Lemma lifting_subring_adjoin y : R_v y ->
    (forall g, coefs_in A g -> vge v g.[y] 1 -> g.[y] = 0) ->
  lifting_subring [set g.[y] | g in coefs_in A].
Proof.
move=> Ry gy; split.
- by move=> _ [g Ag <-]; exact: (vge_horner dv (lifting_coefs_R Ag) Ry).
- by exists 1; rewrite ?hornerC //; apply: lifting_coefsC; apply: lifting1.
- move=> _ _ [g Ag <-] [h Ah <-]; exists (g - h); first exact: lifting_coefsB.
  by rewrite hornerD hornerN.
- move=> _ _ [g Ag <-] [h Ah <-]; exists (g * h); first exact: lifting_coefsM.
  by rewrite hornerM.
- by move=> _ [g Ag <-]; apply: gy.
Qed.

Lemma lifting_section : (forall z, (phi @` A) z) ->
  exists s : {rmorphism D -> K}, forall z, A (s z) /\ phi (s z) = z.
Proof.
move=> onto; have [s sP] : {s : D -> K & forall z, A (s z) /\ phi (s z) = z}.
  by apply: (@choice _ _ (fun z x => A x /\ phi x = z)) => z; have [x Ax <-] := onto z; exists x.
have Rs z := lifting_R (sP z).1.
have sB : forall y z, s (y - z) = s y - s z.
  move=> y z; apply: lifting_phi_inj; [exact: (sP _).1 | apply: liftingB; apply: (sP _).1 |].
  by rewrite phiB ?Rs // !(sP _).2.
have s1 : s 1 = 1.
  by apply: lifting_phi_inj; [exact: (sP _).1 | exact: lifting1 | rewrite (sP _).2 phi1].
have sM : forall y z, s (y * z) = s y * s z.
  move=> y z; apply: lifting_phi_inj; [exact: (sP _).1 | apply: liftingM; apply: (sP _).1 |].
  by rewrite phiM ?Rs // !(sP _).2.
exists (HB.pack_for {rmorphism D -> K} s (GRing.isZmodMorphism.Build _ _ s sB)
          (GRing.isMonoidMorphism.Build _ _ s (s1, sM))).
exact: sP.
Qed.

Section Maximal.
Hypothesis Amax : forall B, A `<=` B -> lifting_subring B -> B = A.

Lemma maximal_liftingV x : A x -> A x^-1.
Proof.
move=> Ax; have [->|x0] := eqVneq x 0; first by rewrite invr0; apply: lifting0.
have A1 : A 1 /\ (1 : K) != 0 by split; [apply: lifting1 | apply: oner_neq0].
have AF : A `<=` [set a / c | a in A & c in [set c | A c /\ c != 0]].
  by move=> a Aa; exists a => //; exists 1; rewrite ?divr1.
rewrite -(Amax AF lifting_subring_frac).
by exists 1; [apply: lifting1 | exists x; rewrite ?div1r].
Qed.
····················
Starting at the first line of the material above, reproduce each line exactly up to and including the line with "Lemma lifting_section : (forall".

Lemma lifting_subring_adjoin y : R_v y ->
    (forall g, coefs_in A g -> vge v g.[y] 1 -> g.[y] = 0) ->
  lifting_subring [set g.[y] | g in coefs_in A].
Proof.
move=> Ry gy; split.
- by move=> _ [g Ag <-]; exact: (vge_horner dv (lifting_coefs_R Ag) Ry).
- by exists 1; rewrite ?hornerC //; apply: lifting_coefsC; apply: lifting1.
- move=> _ _ [g Ag <-] [h Ah <-]; exists (g - h); first exact: lifting_coefsB.
  by rewrite hornerD hornerN.
- move=> _ _ [g Ag <-] [h Ah <-]; exists (g * h); first exact: lifting_coefsM.
  by rewrite hornerM.
- by move=> _ [g Ag <-]; apply: gy.
Qed.

Lemma lifting_section : (forall z, (phi @` A) z) ->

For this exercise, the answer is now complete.